Definition strongly_stable (R : realType) (X : hilbert R) (d : nat) (A : 'I_d -> X -> X) : Prop :=
  forall x : X,
    (fun N : nat => \sum_(v : N.-tuple 'I_d) hnorm2 (Aword A v x)) @ \oo --> (0 : R).

(* G is the observability gramian G_{C,A} = sum_v (A^v)^* C^* C A^v,
   the series converging strongly (partial sums over words of length < K). *)
Definition is_gramian (R : realType) (X Y : hilbert R) (d : nat)
  (C : X -> Y) (Cstar : Y -> X) (A Astar : 'I_d -> X -> X) (G : X -> X) : Prop :=
  is_bop G /\
  forall x : X,
    (fun K : nat => hnorm2 (\sum_(N < K) \sum_(v : N.-tuple 'I_d)
                              Aword_adj Astar v (Cstar (C (Aword A v x))) - G x))
      @ \oo --> (0 : R).

Definition stein_ineq (R : realType) (X Y : hilbert R) (d : nat)
  (C : X -> Y) (Cstar : Y -> X) (A Astar : 'I_d -> X -> X) (H : X -> X) : Prop :=
  psd (fun x => H x - \sum_(j < d) Astar j (H (A j x)) - Cstar (C x)).

Definition stein_eq (R : realType) (X Y : hilbert R) (d : nat)
  (C : X -> Y) (Cstar : Y -> X) (A Astar : 'I_d -> X -> X) (H : X -> X) : Prop :=
  forall x : X, H x - \sum_(j < d) Astar j (H (A j x)) = Cstar (C x).

Definition unique_psd_stein_sol (R : realType) (X Y : hilbert R) (d : nat)
  (C : X -> Y) (Cstar : Y -> X) (A Astar : 'I_d -> X -> X) (G : X -> X) : Prop :=
  [/\ is_bop G, psd G, stein_eq C Cstar A Astar G &
      forall H : X -> X, is_bop H -> psd H -> stein_eq C Cstar A Astar H -> H =1 G].
Lemma Pdo_eq_Pv (pol : policy R D X) :
    (marg M pa v != 0 -> pol v (v X) = margx M pa (v X) v / marg M pa v) ->
  Pdo M pol v = Pv M v.
Proof.
move=> pol_cond; rewrite Pdo_factor Pv_factor mulrC.
have [->|Psolves_neq0] := eqVneq (Psolves v) 0; first by rewrite !mulr0.
have slice_gt0 : 0 < Psolves_slice (v X).
  by apply: lt_le_trans Psolves_le_slice; rewrite lt0r Psolves_neq0 Psolves_ge0.
by rewrite pol_cond marg_factor ?gt_eqF // margx_factor mulfK ?gt_eqF.
Qed.

End Factorisation.

Section Identification.
Variables (R : realType) (n : nat) (D : 'I_n -> finType) (O : {set 'I_n}).

Lemma agree_on_sym (S : {set 'I_n}) (w w' : asg D) :
  agree_on S w w' = agree_on S w' w.
Proof. by apply: eq_forallb_in => i _; rewrite eq_sym. Qed.

Lemma agree_on_trans (S : {set 'I_n}) (w1 w2 w3 : asg D) :
  agree_on S w1 w2 -> agree_on S w2 w3 -> agree_on S w1 w3.
Proof.
move=> /forall_inP h12 /forall_inP h23; apply/forall_inP => i iS.
by rewrite (eqP (h12 i iS)) h23.
Qed.

Definition class_card (w : asg D) : R := \sum_(w' : asg D) (agree_on O w' w)%:R.

Lemma class_card_agree (w w' : asg D) :
  agree_on O w w' -> class_card w = class_card w'.
Proof.
move=> ww'; apply: eq_bigr => z _; congr (nat_of_bool _)%:R.
apply/idP/idP => [zw|zw']; first exact: agree_on_trans zw ww'.
by apply: agree_on_trans zw' _; rewrite agree_on_sym.
Qed.

Lemma class_card_neq0 (w : asg D) : class_card w != 0.
Proof.
rewrite /class_card (bigD1 w) //= gt_eqF // ltr_pwDl ?sumr_ge0 //.
by have -> : agree_on O w w by apply/forall_inP.
Qed.

(* The mass of an O-invariant event K, read off the observed marginal g:
   each O-class contributes its marginal once. *)
Definition mass_from_obs (g : asg D -> R) (K : {set asg D}) : R :=
  \sum_(w : asg D) (w \in K)%:R * (g w / class_card w).
(* Let $X$ be a finite set and $D$ a directed distance on $X$. Then the tight-span $T_D$ is a tree if and only if $D$ has an oriented tree realisation $(\Gamma,\alpha,\mathcal{F})$ such that $\Gamma$ is a directed path.
   Context: A directed distance on $X$ is a map $D:X\times X\to\mathbb{R}_{\ge0}$ with $D(x,x)=0$ (not necessarily symmetric). Let $X_l,X_r$ be two disjoint copies of $X$ (write $x_l,x_r$ for the copies of $x$). $P_D=\{f\in\mathbb{R}^{X_l\cup X_r}:f\ge0,\ f(x_l)+f(y_r)\ge D(x,y)\ \forall x,y\in X\}$ and $T_D$ is the set of minimal elements of $P_D$ for the coordinatewise order; $T_D$ is a polyhedral complex (the union of bounded faces of $P_D$), and ''$T_D$ is a tree'' means it has dimension at most $1$. An oriented tree $\Gamma$ is a directed graph whose underlying undirected graph is a tree; with edge lengths $\alpha:E(\Gamma)\to\mathbb{R}_{\ge0}$, $D_{\Gamma,\alpha}(u,v)$ is the sum of $\alpha(e)$ over edges on the undirected $u$–$v$ path directed from $u$ towards $v$, and $D_{\Gamma,\alpha}(U,W)=\min_{u\in U,w\in W}D_{\Gamma,\alpha}(u,w)$. $(\Gamma,\alpha,\mathcal{F})$, $\mathcal{F}=\{F_x:x\in X\}$ subtrees of $\Gamma$, is an oriented tree realisation of $D$ if $D(x,y)=D_{\Gamma,\alpha}(F_x,F_y)$ for all $x,y$. $\Gamma$ is a directed path if its underlying tree is a path and all edges are oriented in the same direction along it. *)

From HB Require Import structures.
From mathcomp Require Import all_boot all_order all_algebra.
Set Implicit Arguments. Unset Strict Implicit. Unset Printing Implicit Defensive.
Import Order.TTheory GRing.Theory Num.Theory.
Local Open Scope ring_scope.

Section TightSpan.
Variables (R : realFieldType) (X : finType) (D : X -> X -> R).

Definition directed_distance := (forall x y, 0 <= D x y) /\ (forall x, D x x = 0).

(* Points of R^{X_l \cup X_r}: functions on X + X; inl x = x_l, inr x = x_r. *)
Definition in_PD (f : X + X -> R) : Prop :=
  (forall z, 0 <= f z) /\ (forall x y, D x y <= f (inl x) + f (inr y)).

Definition in_TD (f : X + X -> R) : Prop :=
  in_PD f /\ forall g, in_PD g -> (forall z, g z <= f z) -> g = f.

Definition in_face (S0 : pred (X + X)) (S1 : pred (X * X)) (f : X + X -> R) : Prop :=
  in_PD f /\ (forall z, S0 z -> f z = 0) /\
  (forall x y, S1 (x, y) -> f (inl x) + f (inr y) = D x y).

Definition face_bounded S0 S1 : Prop :=
  exists M : R, forall f, in_face S0 S1 f -> forall z, `|f z| <= M.

Definition aff_indep3 (p0 p1 p2 : X + X -> R) : Prop :=
  forall a b : R, (forall z, a * (p1 z - p0 z) + b * (p2 z - p0 z) = 0) -> a = 0 /\ b = 0.

Definition face_dim_le1 S0 S1 : Prop :=
  forall p0 p1 p2, in_face S0 S1 p0 -> in_face S0 S1 p1 -> in_face S0 S1 p2 ->
    ~ aff_indep3 p0 p1 p2.

(* T_D is a tree: the polyhedral complex T_D (whose cells are the bounded
   faces of P_D) has dimension at most 1. *)
Definition TD_is_tree : Prop :=
  forall S0 S1, face_bounded S0 S1 -> face_dim_le1 S0 S1.

End TightSpan.

Section OrientedTree.
Variables (R : realFieldType) (V : finType) (E : rel V).

Definition adj : rel V := fun u v => E u v || E v u.

Definition upath (u w : V) (p : seq V) : bool :=
  [&& path adj u p, last u p == w & uniq (u :: p)].

Definition oriented_tree : Prop :=
  (0 < #|V|)%N /\ (forall u, ~~ E u u) /\ (forall u v, ~~ (E u v && E v u)) /\
  (forall u w, exists p, upath u w p /\ forall q, upath u w q -> q = p).

Fixpoint fwd_len (alpha : V -> V -> R) (u : V) (p : seq V) : R :=
  match p with
  | [::] => 0
  | v :: p' => (if E u v then alpha u v else 0) + fwd_len alpha v p'
  end.

Definition tree_dist (alpha : V -> V -> R) (u w : V) (d : R) : Prop :=
  exists p, upath u w p /\ fwd_len alpha u p = d.

Definition subtree (F : {set V}) : Prop :=
  F != set0 /\
  forall u w, u \in F -> w \in F -> exists p, upath u w p /\ all (fun v => v \in F) p.

Definition directed_path : Prop :=
  exists s : seq V, uniq s /\ (forall v, v \in s) /\
    forall u v, E u v <-> exists i, (i.+1 < size s)%N /\ nth u s i = u /\ nth u s i.+1 = v.

Definition set_dist (alpha : V -> V -> R) (U W : {set V}) (d : R) : Prop :=
  (exists u w, u \in U /\ w \in W /\ tree_dist alpha u w d) /\
  (forall u w d', u \in U -> w \in W -> tree_dist alpha u w d' -> d <= d').

End OrientedTree.

Definition oriented_tree_realisation (R : realFieldType) (X V : finType)
    (D : X -> X -> R) (E : rel V) (alpha : V -> V -> R) (F : X -> {set V}) : Prop :=
  oriented_tree E /\ (forall u v, E u v -> 0 <= alpha u v) /\
  (forall x, subtree E (F x)) /\
  (forall x y, set_dist E alpha (F x) (F y) (D x y)).

From HB Require Import structures.
From mathcomp Require Import all_boot all_order all_algebra.
From mathcomp Require Import zify ring lra.
Import Order.TTheory GRing.Theory Num.Theory.
Local Open Scope ring_scope.
Set Implicit Arguments. Unset Strict Implicit. Unset Printing Implicit Defensive.

(* Both sides are shown equivalent to an interval representation
       D x y = max(0, l y - r x),
   in which x is the interval [l x, r x] of a directed line and D x y is the
   forward distance from the right end of x to the left end of y.

   - On a directed path the simple paths are the index segments, so the tree
     distance is max(0, pos w - pos u) for the position pos along the path.  A
     realisation thus gives l y = min pos over F_y and r x = max pos over F_x;
     conversely an interval representation is realised on the path through the
     sorted values of l and r.
   - A nonempty face of P_D is bounded iff each coordinate is fixed to 0 or lies
     in a tight constraint.  Under an interval representation every point of
     such a face is the point (max(0, t - r x), max(0, l y - t)) of a line, and
     each coordinate is affine in t: faces have dimension at most 1.
   - If T_D is a tree then D satisfies the four-point condition: otherwise a
     parabola of tight points of P_D meets some bounded face in three affinely
     independent points.  The four-point condition in turn gives the interval
     representation l y = col_max y - K, r x = - row_max x, K = max D. *)

Definition line_adj (a b : nat) : bool := (b == a.+1) || (a == b.+1).

Definition line_seg (i j : nat) : seq nat :=
  if (i <= j)%N then iota i.+1 (j - i) else [seq (i - t)%N | t <- iota 1 (i - j)].

Lemma last_iota_succ m k : last m (iota m.+1 k) = (m + k)%N.
Proof. by elim: k m => [|k IH] m /=; rewrite ?addn0 ?IH ?addnS. Qed.

Lemma last_down_seg i k : last i [seq (i - t)%N | t <- iota 1 k] = (i - k)%N.
Proof.
have := last_map (fun t => i - t)%N (iota 1 k) 0%N.
by rewrite subn0 last_iota_succ add0n.
Qed.

Lemma line_path_monotone i L : path line_adj i L -> uniq (i :: L) ->
  L = iota i.+1 (size L) \/
  ((size L <= i)%N /\ L = [seq (i - t)%N | t <- iota 1 (size L)]).
Proof.
elim: L i => [|a L IH] i; first by left.
rewrite /= => /andP[/orP[/eqP->|/eqP->] hp] /andP[hi hu].
- have [hL|[hs hL]] := IH _ hp hu; first by left; rewrite -hL.
  case: L hL {IH hp hu hs} hi => [|b L] hL hi; first by left.
  by move: hi; rewrite hL /= !inE subSS subn0 eqxx orbT.
- have [hL|[hs hL]] := IH _ hp hu.
    case: L hL {IH hp hu} hi => [|b L] hL hi; first by right; rewrite /= subSS subn0.
    by move: hi; rewrite hL /= !inE eqxx orbT.
  right; split; first by rewrite /=; lia.
  rewrite /= subSS subn0 {1}hL; congr cons.
  have -> : iota 2 (size L) = map (addn 1) (iota 1 (size L)) by rewrite -iotaDl.
  by rewrite -map_comp; apply: eq_map => t /=; lia.
Qed.

Lemma line_path_seg i j L :
  path line_adj i L -> uniq (i :: L) -> last i L = j -> L = line_seg i j.
Proof.
move=> hp hu hj; rewrite /line_seg.
have [hL|[hs hL]] := line_path_monotone hp hu.
  move: hj; rewrite hL last_iota_succ => <-.
  by rewrite leq_addr; congr iota; lia.
move: hj; rewrite {1}hL last_down_seg => <-; rewrite {1}hL.
case: leqP => h; last by congr map; congr iota; lia.
have -> : size L = 0%N by lia.
by rewrite subn0 subnn.
Qed.

Lemma mem_line_seg i j k : k \in line_seg i j -> (minn i j <= k <= maxn i j)%N.
Proof.
rewrite /line_seg; case: leqP => h; first by rewrite mem_iota; lia.
by case/mapP=> t; rewrite mem_iota => ht ->; lia.
Qed.

(* Indices in s identify its simple walks with segments of the integer line, so
   D_{Gamma,alpha}(u,w) = max(0, pos w - pos u) with pos the distance from s_0. *)
Section DirectedPath.
Variables (V : finType) (E : rel V) (s : seq V) (v0 : V).
Hypotheses (s_uniq : uniq s) (s_all : forall v, v \in s)
  (s_arcs : forall u v,
     E u v <-> exists i, (i.+1 < size s)%N /\ nth u s i = u /\ nth u s i.+1 = v).

Local Notation idx v := (index v s).

Lemma idx_lt v : (idx v < size s)%N.
Proof. by rewrite index_mem. Qed.

Lemma idx_nth k : (k < size s)%N -> idx (nth v0 s k) = k.
Proof. by move=> hk; rewrite index_uniq. Qed.

Lemma idx_inj : injective (fun v => idx v).
Proof. by move=> u v h; rewrite -(nth_index v0 (s_all u)) h nth_index. Qed.

Lemma arcE u v : E u v = (idx v == (idx u).+1).
Proof.
apply/idP/eqP => [/s_arcs[i [hi [hu hv]]]|h].
  rewrite -hu -hv !(set_nth_default v0) ?idx_nth //; lia.
apply/s_arcs; exists (idx u); split; first by rewrite -h idx_lt.
by rewrite nth_index // -h nth_index.
Qed.

Lemma adjE u v : adj E u v = line_adj (idx u) (idx v).
Proof. by rewrite /adj /line_adj !arcE. Qed.

Lemma upath_idx u w p : upath E u w p -> map (fun v => idx v) p = line_seg (idx u) (idx w).
Proof.
case/and3P=> hp /eqP hl hu; apply: line_path_seg.
- change (path line_adj ((fun v => idx v) u) (map (fun v => idx v) p)).
  by rewrite path_map (eq_path (e' := adj E)) // => a b; rewrite /= adjE.
- by rewrite -(map_cons (fun v => idx v)) map_inj_uniq //; exact: idx_inj.
- by rewrite (last_map (fun v => idx v)) hl.
Qed.

Lemma upath_unique u w p q : upath E u w p -> upath E u w q -> p = q.
Proof. by move=> hp hq; apply: (inj_map idx_inj); rewrite (upath_idx hp) (upath_idx hq). Qed.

###

§ **TASK STATEMENT**
Write down exactly every line of the material above up to and including the line containing "End Factorisation.".

§ **YOUR RESPONSE**
Definition strongly_stable (R : realType) (X : hilbert R) (d : nat) (A : 'I_d -> X -> X) : Prop :=
  forall x : X,
    (fun N : nat => \sum_(v : N.-tuple 'I_d) hnorm2 (Aword A v x)) @ \oo --> (0 : R).

(* G is the observability gramian G_{C,A} = sum_v (A^v)^* C^* C A^v,
   the series converging strongly (partial sums over words of length < K). *)
Definition is_gramian (R : realType) (X Y : hilbert R) (d : nat)
  (C : X -> Y) (Cstar : Y -> X) (A Astar : 'I_d -> X -> X) (G : X -> X) : Prop :=
  is_bop G /\
  forall x : X,
    (fun K : nat => hnorm2 (\sum_(N < K) \sum_(v : N.-tuple 'I_d)
                              Aword_adj Astar v (Cstar (C (Aword A v x))) - G x))
      @ \oo --> (0 : R).

Definition stein_ineq (R : realType) (X Y : hilbert R) (d : nat)
  (C : X -> Y) (Cstar : Y -> X) (A Astar : 'I_d -> X -> X) (H : X -> X) : Prop :=
  psd (fun x => H x - \sum_(j < d) Astar j (H (A j x)) - Cstar (C x)).

Definition stein_eq (R : realType) (X Y : hilbert R) (d : nat)
  (C : X -> Y) (Cstar : Y -> X) (A Astar : 'I_d -> X -> X) (H : X -> X) : Prop :=
  forall x : X, H x - \sum_(j < d) Astar j (H (A j x)) = Cstar (C x).

Definition unique_psd_stein_sol (R : realType) (X Y : hilbert R) (d : nat)
  (C : X -> Y) (Cstar : Y -> X) (A Astar : 'I_d -> X -> X) (G : X -> X) : Prop :=
  [/\ is_bop G, psd G, stein_eq C Cstar A Astar G &
      forall H : X -> X, is_bop H -> psd H -> stein_eq C Cstar A Astar H -> H =1 G].
Lemma Pdo_eq_Pv (pol : policy R D X) :
    (marg M pa v != 0 -> pol v (v X) = margx M pa (v X) v / marg M pa v) ->
  Pdo M pol v = Pv M v.
Proof.
move=> pol_cond; rewrite Pdo_factor Pv_factor mulrC.
have [->|Psolves_neq0] := eqVneq (Psolves v) 0; first by rewrite !mulr0.
have slice_gt0 : 0 < Psolves_slice (v X).
  by apply: lt_le_trans Psolves_le_slice; rewrite lt0r Psolves_neq0 Psolves_ge0.
by rewrite pol_cond marg_factor ?gt_eqF // margx_factor mulfK ?gt_eqF.
Qed.

End Factorisation.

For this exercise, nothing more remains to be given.